Mentiras, traições, laços de puro interesse,

relações convenientes e frias como o aço.

Calo-me! não por fraqueza, mas por sabedoria,

no espelho de gelo, ergue-se minha razão pura.



Vivo no preço do silêncio,

observador quieto, como o filósofo em vigília.

Pensamentos densos, profundos como o abismo,

dilatam-se em versos enigmáticos e sublimes.



Minha quietude é arte de bem observar,

pois se o mar é perplexo, eu sou o navio firme.

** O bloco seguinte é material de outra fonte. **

Lemma dbar_pam_inphase_neq0 (R : numDomainType) N (c : R)
    (gI : 'I_(2 ^ NI N) -> {ffun 'I_(NI N) -> bool}) gIi :
  c != 0 -> (0 < N)%N -> gray_labelling gI -> cancel gI gIi ->
  dbar (fun i => pam c (NI N) (gIi (ibits N i))) (inphase N) != 0.
Proof.
move=> c_neq0 N_gt0 gI_gray gIK.
rewrite (dbar_ibits_inphase (fun f => pam c (NI N) (gIi f))) (reindex gI) /=; last first.
  exact/onW_bij/gI_gray.1.
under eq_bigr do rewrite gIK (gray_par _ gI_gray) mulrCA [X in _ * X]mulrC.
rewrite -mulr_sumr sum_sign_pam ?NI_gt0 // mulf_neq0 ?par_neq0 // oppr_eq0.
by rewrite mulf_neq0 // pnatr_eq0 expn_eq0.
Qed.

Unset Implicit Arguments.

Theorem theorem2 (N : nat) (hN : (2 <= N)%N)
  (C : numClosedFieldType) (c : C) (hc : 0 < c)
  (gI : 'I_(2 ^ NI N) -> {ffun 'I_(NI N) -> bool})
  (gQ : 'I_(2 ^ NQ N) -> {ffun 'I_(NQ N) -> bool})
  (hgI : gray_labelling gI) (hgQ : gray_labelling gQ)
  (a : 'I_(2 ^ N) -> C)
  (ha : forall (i : 'I_(2 ^ N)) (u : 'I_(2 ^ NI N)) (v : 'I_(2 ^ NQ N)),
        gI u = ibits N i -> gQ v = qbits N i ->
        a i = c * ((u.*2.+1)%:R - (2 ^ NI N)%:R)
              + 'i * (c * ((v.*2.+1)%:R - (2 ^ NQ N)%:R))) :
  (forall S : {set 'I_N},
     (exists2 n, n \in S & (n < NI N)%N) ->
     (exists2 n, n \in S & (NI N <= n)%N) ->
     forall y h : C, dbar (dist2 a y h) S = 0)
  /\
  ((exists S : {set 'I_N}, #|S| = NI N /\
      exists y h : C, dbar (dist2 a y h) S != 0)
   /\ (forall S : {set 'I_N}, (NI N < #|S|)%N ->
      forall y h : C, dbar (dist2 a y h) S = 0)).
Proof.
have [[gIi gIK gIiK] _] := hgI; have [[gQi _ gQiK] _] := hgQ.
pose X f := pam c (NI N) (gIi f); pose Z g := pam c (NQ N) (gQi g).
have X_real f : X f \is Num.real by apply/pam_real/gtr0_real.
have Z_real g : Z g \is Num.real by apply/pam_real/gtr0_real.
have aE i : a i = X (ibits N i) + 'i * Z (qbits N i) by apply: ha; rewrite ?gIiK ?gQiK.
split; first exact: dbar_dist2_mixed_eq0 aE.
split; last exact: dbar_dist2_card_gt_eq0 aE.
exists (inphase N); split; first exact: card_inphase.
have : dbar (dist2 a 1 1) (inphase N) - dbar (dist2 a (-1) 1) (inphase N) != 0.
  rewrite (dbar_dist2_sub X_real Z_real aE) mulf_neq0 ?oppr_eq0 ?pnatr_eq0 //.
  exact: dbar_pam_inphase_neq0 (lt0r_neq0 hc) (ltnW hN) hgI gIK.
case: (eqVneq (dbar (dist2 a 1 1) (inphase N)) 0) => [-> | ]; last by exists 1, 1.
by rewrite sub0r oppr_eq0; exists (-1), 1.
Qed.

Navego impassível, guiado pela phronesis,

virtude prática que o caos não submerge.



Dizem que o amor é eterno, luz inabalável,

mas quem me jurou paixão hoje foge em silêncio.

Hipocrisia vela o que a boca proclama,

falsa eternidade, ilusão dos sentidos.



Amor verdadeiro busca o bem comum,

não o prazer fugaz nem o interesse torpe.

Aristóteles ensina: é hábito da alma nobre,

união de vontades em busca da eudaimonia.



Mas o que vi foi ouro falso em abraços,

promessas vazias, como sombras na caverna.

Saio das correntes, rumo à luz da razão,

onde o coração aprende a não se iludir.



Traídos renascemos, mais fortes no gelo,

cicatrizes como logos, guias do caminho.

Não odeio o mentiroso, pois ele é escassez,

falta de virtude que o tempo revela nua.



No silêncio expando o que a alma contempla,

versos como catarse, purgam a dor antiga.

Observo o teatro humano, com olhos de águia,

e escolho o meio dourado, longe dos excessos.



Hipocrisia é pathos sem telos divino,

amor sem substância, eco de vazio.

Eu, navio racional, corto as ondas traiçoeiras,

rumo à areté, excelência em solidão serena.



Assim calo e vivo, eterno aprendiz,

no preço do silêncio, sabedoria conquista.

O amor, se verdadeiro, há de provar-se no fogo,

e eu, de gelo forjado, navego à luz do justo.